The Data Mining Cloud Framework (DMCF) (Marozzo et al. 2015) is a software system developed at University of Calabria for allowing users to design and execute data analysis workflows on Clouds. DMCF supports a large variety of data analysis processes, including single-task applications, parameter-sweeping applications, and workflow-based applications. A workflow in DMCF can be developed using a visual- or a script-based language. The visual language, called VL4Cloud (Marozzo et al. 2016), is based on a design approach for end users having a limited knowledge of programming paradigms. The script-based language, called JS4Cloud (Marozzo et al. 2015), provides a flexible programming paradigm for skilled users who prefer to code their workflows through scripts.
Other solutions have been created mainly for scientific research purposes, and, for this reason, they are poorly used for developing business applications (e.g., E-Science Central, COMPSs, and Sector/Sphere).
e-Science Central (e-SC) (Hiden et al. 2013) is a Cloud-based system that allows scientists to store, analyze, and share data in the Cloud. It provides a user interface that allows programming visual workflows in any Web browser.
e-SC is commonly used to provide a data analysis back end to stand-alone desktop or Web applications. To this end, the e-SC API provides a set of workflow control methods and data structures. In the current implementation, all the workflow services within a single invocation of a workflow execute on the same Cloud node.
COMPSs (Lordan et al. 2014) is a programming model and an execution runtime, whose main objective is to ease the development of workflows for distributed environments, including private and public Clouds. With COMPSs, users create a sequential application and specify which methods of the application code will be executed remotely. Providing an annotated interface where these methods are declared with some metadata about them and their parameters does this selection. The runtime intercepts any call to a selected method creating a representative task and finding the data dependencies with all the previous ones that must be considered along the application run.
Sector/Sphere (Gu and Grossman 2009) is an open-source Cloud framework designed to implement data analysis applications involving large, geographically distributed datasets.
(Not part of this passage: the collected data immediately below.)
Lemma NoDup_length_le_classes {A T : Type}
  (eq_dec : forall a b : T, {a = b} + {a <> b})
  (P : A -> Prop) (f : A -> T) (M : nat) :
  (forall k L, NoDup L -> (forall x, In x L -> P x /\ f x = k) ->
     (length L <= M)%nat) ->
  forall ks L, NoDup L -> (forall x, In x L -> P x /\ In (f x) ks) ->
    (length L <= length ks * M)%nat.
Proof.
  intros Hclass ks; induction ks as [|k ks IH]; intros L HL HLks.
  - destruct L as [|x L]; [simpl; lia|].
    destruct (HLks x (or_introl eq_refl)) as [_ []].
  - set (in_k := fun x => if eq_dec (f x) k then true else false).
    rewrite <- (filter_length in_k L).
    assert (Hk : (length (filter in_k L) <= M)%nat).
    { apply (Hclass k); [now apply NoDup_filter|].
      intros x Hx; apply filter_In in Hx as [Hx Hin].
      split; [now apply HLks|].
      unfold in_k in Hin; destruct (eq_dec (f x) k); congruence. }
    assert (Hks : (length (filter (fun x => negb (in_k x)) L) <= length ks * M)%nat).
    { apply IH; [now apply NoDup_filter|].
      intros x Hx; apply filter_In in Hx as [Hx Hout].
      destruct (HLks x Hx) as [HP [Hfk|Hfks]]; split; auto.
      unfold in_k in Hout; destruct (eq_dec (f x) k); [discriminate|congruence]. }
    simpl; lia.
Qed.

Lemma exists_argmax {A : Type} (g : A -> R) (a : A) (l : list A) :
  exists m, In m (a :: l) /\ forall x, In x (a :: l) -> g x <= g m.
Proof.
  revert a; induction l as [|b l IH]; intros a.
  - exists a; split; [now left|]. intros x [<-|[]]; lra.
  - destruct (IH b) as [m [Hm Hmax]].
    destruct (Rle_dec (g a) (g m)).
    + exists m; split; [now right|]. intros x [<-|Hx]; auto.
    + exists a; split; [now left|].
      intros x [<-|Hx]; [lra|]. specialize (Hmax x Hx); lra.
Qed.

Definition vsub (p q : pt4) : pt4 :=
  let '(p1, p2, p3, p4) := p in let '(q1, q2, q3, q4) := q in
  (p1 - q1, p2 - q2, p3 - q3, p4 - q4).

Definition vscale (c : R) (p : pt4) : pt4 :=
  let '(p1, p2, p3, p4) := p in (c * p1, c * p2, c * p3, c * p4).

Definition dot4 (p q : pt4) : R :=
  let '(p1, p2, p3, p4) := p in let '(q1, q2, q3, q4) := q in
  p1 * q1 + p2 * q2 + p3 * q3 + p4 * q4.

Definition sqnorm4 (p : pt4) : R := dot4 p p.

Definition norm4 (p : pt4) : R := sqrt (sqnorm4 p).

Definition unit4 (p : pt4) : pt4 := vscale (/ norm4 p) p.

Lemma vsub_cancel_r p q r : vsub (vsub p r) (vsub q r) = vsub p q.
Proof.
  destruct p as [[[p1 p2] p3] p4], q as [[[q1 q2] q3] q4], r as [[[r1 r2] r3] r4]; simpl.
  f_equal; [f_equal; [f_equal|]|]; ring.
Qed.

Lemma dist4_norm4 p q : dist4 p q = norm4 (vsub p q).
Proof.
  destruct p as [[[p1 p2] p3] p4], q as [[[q1 q2] q3] q4].
  unfold dist4, norm4, sqnorm4; simpl; f_equal; ring.
Qed.

Lemma sqnorm4_nonneg p : 0 <= sqnorm4 p.
Proof. destruct p as [[[p1 p2] p3] p4]; simpl; nra. Qed.

Lemma norm4_sqr p : norm4 p * norm4 p = sqnorm4 p.
Proof. apply sqrt_sqrt, sqnorm4_nonneg. Qed.

Lemma dot4_le_norm4 p q : dot4 p q <= norm4 p * norm4 q.
Proof.
  assert (Hnp := sqrt_pos (sqnorm4 p)); assert (Hnq := sqrt_pos (sqnorm4 q)).
  destruct (Rle_dec (dot4 p q) 0) as [|Hpos]; [unfold norm4; nra|].
  assert (Hcs : dot4 p q * dot4 p q <= sqnorm4 p * sqnorm4 q).
  { destruct p as [[[p1 p2] p3] p4], q as [[[q1 q2] q3] q4]; simpl.
    assert (E : (p1 * p1 + p2 * p2 + p3 * p3 + p4 * p4) * (q1 * q1 + q2 * q2 + q3 * q3 + q4 * q4)
      - (p1 * q1 + p2 * q2 + p3 * q3 + p4 * q4) * (p1 * q1 + p2 * q2 + p3 * q3 + p4 * q4)
      = (p1 * q2 - p2 * q1) ^ 2 + (p1 * q3 - p3 * q1) ^ 2 + (p1 * q4 - p4 * q1) ^ 2
      + (p2 * q3 - p3 * q2) ^ 2 + (p2 * q4 - p4 * q2) ^ 2 + (p3 * q4 - p4 * q3) ^ 2) by ring.
    assert (0 <= (p1 * q2 - p2 * q1) ^ 2 + (p1 * q3 - p3 * q1) ^ 2 + (p1 * q4 - p4 * q1) ^ 2
      + (p2 * q3 - p3 * q2) ^ 2 + (p2 * q4 - p4 * q2) ^ 2 + (p3 * q4 - p4 * q3) ^ 2)
      by (repeat apply Rplus_le_le_0_compat; apply pow2_ge_0).
    lra. }
  rewrite <- norm4_sqr, <- (norm4_sqr q) in Hcs.
  fold (norm4 p) (norm4 q) in *.
  assert (Hnpq : 0 <= norm4 p * norm4 q) by (apply Rmult_le_pos; assumption).
  nra.
Qed.

Lemma norm4_vsub_triangle p q r : norm4 (vsub p r) <= norm4 (vsub p q) + norm4 (vsub q r).
Proof.
  set (u := vsub p q); set (v := vsub q r).
  assert (E : sqnorm4 (vsub p r) = sqnorm4 u + 2 * dot4 u v + sqnorm4 v).
  { unfold u, v; destruct p as [[[p1 p2] p3] p4], q as [[[q1 q2] q3] q4],
      r as [[[r1 r2] r3] r4]; simpl; ring. }
  assert (Hnu := sqrt_pos (sqnorm4 u)); assert (Hnv := sqrt_pos (sqnorm4 v)).
  assert (Hcs := dot4_le_norm4 u v).
  assert (Hu := norm4_sqr u); assert (Hv := norm4_sqr v).
  unfold norm4 at 1. rewrite <- (sqrt_pow2 (norm4 u + norm4 v)) by (unfold norm4; lra).
  apply sqrt_le_1_alt. rewrite E. nra.
Qed.

Lemma dist4_sym p q : dist4 p q = dist4 q p.
Proof.
  destruct p as [[[p1 p2] p3] p4], q as [[[q1 q2] q3] q4].
  unfold dist4; f_equal; ring.
Qed.

Lemma dist4_triangle p q r : dist4 p r <= dist4 p q + dist4 q r.
Proof. rewrite !dist4_norm4; apply norm4_vsub_triangle. Qed.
The framework includes its own storage and compute services, called Sector and Sphere, respectively, which allow to manage large dataset with high performance and reliability.
Examples of Application
Cloud computing has been used in many scientific fields, such as astronomy, meteorology, social computing, and bioinformatics, which are greatly based on scientific analysis on large volume of data. In many cases, developing and configuring Cloud-based applications requires a high level of expertise, which is a common bottleneck in the adoption of such applications by scientists.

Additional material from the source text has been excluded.